======== The input

Lemma momentum_stays_above_level (X P : R -> R) (G Gp : R -> R -> R) T q t2 :
  0 < t2 < T -> (forall s, 0 < s < T -> continuity_pt X s) ->
  (forall s, 0 < s < T -> derivable_pt_lim P s (G (X s) (P s))) ->
  (forall y z, derivable_pt_lim (fun w => G y w) z (Gp y z)) ->
  (forall y z, cont2_at (fun _ => True) Gp y z) ->
  (forall t, t2 <= t < T -> 0 <= G (X t) q) -> q <= P t2 ->
  forall s, t2 <= s < T -> q <= P s.
Proof.
  intros ht2 hcX hdP hGd hGc hG hq s hs.
  destruct (Req_dec s t2) as [->|hne]; [exact hq|].
  assert (hcP : forall c, t2 <= c <= s -> continuity_pt P c)
    by (intros c hc; eapply derivable_pt_lim_continuity_pt, hdP; lra).
  destruct (continuity_ab_min X t2 s ltac:(lra) ltac:(intros; apply hcX; lra)) as [xm [hxm _]].
  destruct (continuity_ab_maj X t2 s ltac:(lra) ltac:(intros; apply hcX; lra)) as [xM [hxM _]].
  destruct (continuity_ab_min P t2 s ltac:(lra) hcP) as [pm [hpm _]].
  destruct (continuity_ab_maj P t2 s ltac:(lra) hcP) as [pM [hpM _]].
  destruct (cont2_bounded_on_rectangle (fun _ => True) Gp (X xm) (X xM)
    (Rmin (P pm) q) (Rmax (P pM) q) (fun _ _ => I) (fun y z _ => hGc y z)) as [L0 hL0].
  apply (barrier_from_below G X P q t2 s (Rmax L0 0)); [lra|apply Rmax_r| | | |exact hq].
  - intros u hu. apply hdP. lra.
  - intros u hu. apply hG. lra.
  - intros u hu hPu. rewrite <- (Rabs_right (q - P u)) by lra.
    rewrite (Rabs_minus_sym q).
    apply (lipschitz_of_deriv_bound (fun z => G (X u) z) (fun z => Gp (X u) z) q (P u)).
    + intros; apply hGd.
    + intros z hz. rewrite Rmin_right, Rmax_left in hz by lra.
      eapply Rle_trans; [apply hL0|apply Rmax_l].
      * pose proof (hxm u hu). pose proof (hxM u hu). lra.
      * pose proof (hpm u hu). pose proof (hpM u hu).
        pose proof (Rmin_l (P pm) q). pose proof (Rmax_r (P pM) q). lra.
Qed.

Lemma momentum_blowup_follows_position (X P : R -> R) (F G Gp : R -> R -> R) T
    (yq qq : nat -> R) :
  0 < T ->
  (forall s, 0 < s < T ->
     derivable_pt_lim X s (F (X s) (P s)) /\ derivable_pt_lim P s (G (X s) (P s))) ->
  (forall y q, derivable_pt_lim (fun z => G y z) q (Gp y q)) ->
  (forall y q, cont2_at (fun _ => True) Gp y q) ->
  cv_infty qq -> (forall n y, yq n <= y -> 0 <= G y (qq n)) ->
  (forall M, exists A, forall y q, A < y -> q <= M -> F y q < 0) ->
  to_pinf_left X T -> to_pinf_left P T.
Proof.
  intros hT hder hGd hGc hqq hG hfar hX M.
  destruct (hqq M) as [N hN]. specialize (hN N (le_n _)).
  destruct (hfar (qq N)) as [A hA].
  destruct (hX (Rmax A (yq N))) as [d [hd hd']].
  set (t1 := Rmax (T / 2) (T - d / 2)).
  assert (ht1 : T / 2 <= t1 < T /\ T - d < t1) by (unfold t1, Rmax; destruct Rle_dec; lra).
  assert (hXfar : forall t, t1 <= t < T -> A < X t /\ yq N <= X t).
  { intros t ht. pose proof (hd' t ltac:(lra) ltac:(lra)).
    pose proof (Rmax_l A (yq N)). pose proof (Rmax_r A (yq N)). lra. }
  destruct (position_blowup_reaches_level X P F T (qq N) t1 ltac:(lra)
    (fun s hs => proj1 (hder s hs))
    (fun t ht hP => hA _ _ (proj1 (hXfar t ht)) (Rlt_le _ _ hP)) hX) as [t2 [ht2 hPt2]].
  apply (eventually_before_since T _ t2); [lra|]. intros s hs.
  enough (qq N <= P s) by lra.
  apply (momentum_stays_above_level X P G Gp T (qq N) t2); auto; try lra.
  - intros u hu. apply (derivable_pt_lim_continuity_pt _ _ _ (proj1 (hder u hu))).
  - intros u hu. apply hder, hu.
  - intros t ht. apply hG, hXfar. lra.
Qed.

Lemma momentum_minf_follows_position (X P : R -> R) (F G Gp : R -> R -> R) T
    (yq qq : nat -> R) :
  0 < T ->
  (forall s, 0 < s < T ->
     derivable_pt_lim X s (F (X s) (P s)) /\ derivable_pt_lim P s (G (X s) (P s))) ->
  (forall y q, derivable_pt_lim (fun z => G y z) q (Gp y q)) ->
  (forall y q, cont2_at (fun _ => True) Gp y q) ->
  cv_infty (fun n => - qq n) -> (forall n y, y <= yq n -> G y (qq n) <= 0) ->
  (forall M, exists A, forall y q, y < A -> - M <= q -> 0 < F y q) ->
  to_minf_left X T -> to_minf_left P T.
Proof.
  intros hT hder hGd hGc hqq hG hfar hX.
  apply (momentum_blowup_follows_position (fun t => - X t) (fun t => - P t)
    (fun y q => - F (- y) (- q)) (fun y q => - G (- y) (- q)) (fun y q => Gp (- y) (- q))
    T (fun n => - yq n) (fun n => - qq n) hT); auto.
  - intros s hs. destruct (hder s hs) as [dX dP]. rewrite !Ropp_involutive.
    split; now apply derivable_pt_lim_opp.
  - intros y q. replace (Gp (- y) (- q)) with (- (Gp (- y) (- q) * -1)) by ring.
    apply (derivable_pt_lim_opp (fun z => G (- y) (- z))).
    apply (derivable_pt_lim_comp (fun z => - z) (fun z => G (- y) z)); [|apply hGd].
    replace (-1) with (- 1) by ring. apply derivable_pt_lim_opp, derivable_pt_lim_id.
  - intros y q e he. destruct (hGc (- y) (- q) e he) as [d [hd hd']].
    exists d. split; [exact hd|]. intros y' q' _ hy hq. apply hd'; [exact I|..];
      [replace (- y' - - y) with (- (y' - y)) by ring
      |replace (- q' - - q) with (- (q' - q)) by ring];
      now rewrite Rabs_Ropp.
  - intros n y hy. rewrite Ropp_involutive. pose proof (hG n (- y) ltac:(lra)). lra.
  - intros M. destruct (hfar M) as [A hA]. exists (- A). intros y q hy hq.
    pose proof (hA (- y) (- q) ltac:(lra) ltac:(lra)). lra.
Qed.

(** * The cases [K = [-1, 1]] and [K = R] *)

Lemma H_coercive_on_compact bnd (H : R -> R -> R) a b E :
  CondH3 bnd H -> Kint bnd a -> Kint bnd b ->
  exists A, forall y p, a <= y <= b -> A < Rabs p -> E < H y p.
Proof.
  intros [h3 _] ha hb.
  assert (hcpt : cpt_in_int bnd (fun y => a <= y <= b)).
  { split; [apply compact_P3|]. intros y hy. destruct bnd; simpl in *; [lra|exact I]. }
  destruct (h3 _ hcpt 1) as [A hA]. exists (Rmax A (Rabs E)).
  intros y p hy hp. pose proof (Rmax_l A (Rabs E)). pose proof (Rmax_r A (Rabs E)).
  specialize (hA p y ltac:(lra) hy).
  apply (Rmult_lt_compat_r (Rabs p)) in hA; [|pose proof (Rabs_pos E); lra].
  unfold Rdiv in hA. rewrite Rmult_assoc, Rinv_l, Rmult_1_l, Rmult_1_r in hA
    by (pose proof (Rabs_pos E); lra).
  pose proof (Rle_abs E). lra.
Qed.

Lemma slope_bound_near_left_end (G : R -> R -> R) (slope : R -> R) :
  (forall e, 0 < e -> exists del, 0 < del /\
     forall y, -1 <= y <= -1 + del -> Rabs (slope y - slope (-1)) < e) ->
  0 < slope (-1) -> (forall y p, -1 <= y <= 1 -> slope y * p <= G y p) ->
  exists c d, 0 < c /\ 0 < d /\ forall y p, -1 <= y <= -1 + d -> 0 <= p -> c * p <= G y p.
Proof.
  intros hcont hpos hG. destruct (hcont (slope (-1) / 2) ltac:(lra)) as [del [hdel hdel']].
  exists (slope (-1) / 2), (Rmin del 1). split; [lra|]. split; [apply Rmin_pos; lra|].
  intros y p hy hp. pose proof (Rmin_l del 1). pose proof (Rmin_r del 1).
  specialize (hdel' y ltac:(lra)). apply Rabs_def2 in hdel'.
  pose proof (hG y p ltac:(lra)). nra.
Qed.

Lemma momentum_pinf_forces_right_end (G : R -> R -> R) (X P : R -> R) T E :
  (forall t, 0 <= t < T -> -1 <= X t <= 1) ->
  eventually_before T (fun t => G (X t) (P t) = E) ->
  (exists c d, 0 < c /\ 0 < d /\ forall y p, -1 <= y <= -1 + d -> 0 <= p -> c * p <= G y p) ->
  (forall a b, -1 < a -> a <= b -> b < 1 ->
     exists A, forall y p, a <= y <= b -> A < Rabs p -> E < G y p) ->
  to_pinf_left P T -> lim_left X T 1.
Proof.
  intros hK hE [c [d [hc [hd hlow]]]] hcoer hP e he.
  set (d' := Rmin d 1). set (e' := Rmin e 1 / 2).
  pose proof (Rmin_l d 1). pose proof (Rmin_r d 1). pose proof (Rmin_l e 1).
  pose proof (Rmin_r e 1). pose proof (Rmin_pos d 1 hd Rlt_0_1).
  pose proof (Rmin_pos e 1 he Rlt_0_1).
  destruct (hcoer (-1 + d') (1 - e') ltac:(unfold d'; lra) ltac:(unfold d', e'; lra)
    ltac:(unfold e'; lra)) as [A hA].
  change (eventually_before T (fun t => Rabs (X t - 1) < e)).
  eapply eventually_before_mono;
    [|exact (eventually_before_and T _ _ hE (hP (Rmax (Rmax A (E / c)) 0)))].
  intros t ht [hGE hPt].
  pose proof (Rmax_l (Rmax A (E / c)) 0). pose proof (Rmax_r (Rmax A (E / c)) 0).
  pose proof (Rmax_l A (E / c)). pose proof (Rmax_r A (E / c)). pose proof (hK t ht).
  destruct (Rle_dec (X t) (-1 + d')) as [hl|hl].
  - exfalso. pose proof (hlow (X t) (P t) ltac:(unfold d' in *; lra) ltac:(lra)).
    assert (hq : E / c < P t) by lra.
    apply (Rmult_lt_compat_l c) in hq; [|exact hc].
    replace (c * (E / c)) with E in hq by (field; lra). lra.
  - destruct (Rle_dec (X t) (1 - e')) as [hr|hr].
    + exfalso. pose proof (hA (X t) (P t) ltac:(lra) ltac:(rewrite Rabs_right; lra)). lra.
    + rewrite Rabs_left1 by lra. unfold e' in hr. lra.
Qed.

Lemma lim_left_opp (f : R -> R) T l : lim_left (fun t => - f t) T (- l) -> lim_left f T l.
Proof.
  intros h e he. destruct (h e he) as [d [hd hd']]. exists d. split; [exact hd|].
  intros t ht ht'. specialize (hd' t ht ht').
  replace (- f t - - l) with (- (f t - l)) in hd' by ring. now rewrite Rabs_Ropp in hd'.
Qed.

Section UnitInterval.

Variables (eps : R) (H Hx Hp Hxx Hxp Hpx Hpp : R -> R -> R).
Hypotheses (he : 0 < eps) (hC : C2_on (Udom true eps) H Hx Hp Hxx Hxp Hpx Hpp)
  (hpp : forall x p, Kdom true x -> 0 < Hpp x p)
  (h0 : CondH0 true H) (h3 : CondH3 true H) (h4 : CondH4 true H).

Lemma Hp_continuous_at_end e0 :
  -1 <= e0 <= 1 -> forall e, 0 < e -> exists del, 0 < del /\
    forall y, -1 <= y <= 1 -> Rabs (y - e0) < del -> Rabs (Hp y 0 - Hp e0 0) < e.
Proof.
  intros he0 e hep.
  destruct (hC e0 0 ltac:(simpl; lra)) as (_&_&_&_&_&_&_&_&cHp&_).
  destruct (cHp e hep) as [del [hdel hdel']]. exists del. split; [exact hdel|].
  intros y hy hye. apply hdel'; [simpl; lra|exact hye|rewrite Rminus_diag, Rabs_R0; lra].
Qed.

Lemma H_ge_linear_near_left_end :
  exists c d, 0 < c /\ 0 < d /\ forall y p, -1 <= y <= -1 + d -> 0 <= p -> c * p <= H y p.
Proof.
  apply (slope_bound_near_left_end H (fun y => Hp y 0)).
  - intros e hep. destruct (Hp_continuous_at_end (-1) ltac:(lra) e hep) as [del [hdel hdel']].
    exists (Rmin del 1 / 2). pose proof (Rmin_l del 1). pose proof (Rmin_r del 1).
    split; [pose proof (Rmin_pos del 1 hdel Rlt_0_1); lra|].
    intros y hy. apply hdel'; [lra|rewrite Rabs_right; lra].
  - apply (Hp_left_end_pos true eps H Hx Hp Hxx Hxp Hpx Hpp); auto.
  - intros y p hy. apply (H_ge_tangent_at_0 true eps H Hx Hp Hxx Hxp Hpx Hpp); auto.
Qed.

================

Problem to solve: Your answer must consist solely of the lines above between the line holding "pose proof (Rle_abs E). lra." and the line holding "eventually_before T (fun t => G", inclusive, copied exactly.

Finished task:
  pose proof (Rle_abs E). lra.
Qed.

Lemma slope_bound_near_left_end (G : R -> R -> R) (slope : R -> R) :
  (forall e, 0 < e -> exists del, 0 < del /\
     forall y, -1 <= y <= -1 + del -> Rabs (slope y - slope (-1)) < e) ->
  0 < slope (-1) -> (forall y p, -1 <= y <= 1 -> slope y * p <= G y p) ->
  exists c d, 0 < c /\ 0 < d /\ forall y p, -1 <= y <= -1 + d -> 0 <= p -> c * p <= G y p.
Proof.
  intros hcont hpos hG. destruct (hcont (slope (-1) / 2) ltac:(lra)) as [del [hdel hdel']].
  exists (slope (-1) / 2), (Rmin del 1). split; [lra|]. split; [apply Rmin_pos; lra|].
  intros y p hy hp. pose proof (Rmin_l del 1). pose proof (Rmin_r del 1).
  specialize (hdel' y ltac:(lra)). apply Rabs_def2 in hdel'.
  pose proof (hG y p ltac:(lra)). nra.
Qed.

Lemma momentum_pinf_forces_right_end (G : R -> R -> R) (X P : R -> R) T E :
  (forall t, 0 <= t < T -> -1 <= X t <= 1) ->
  eventually_before T (fun t => G (X t) (P t) = E) ->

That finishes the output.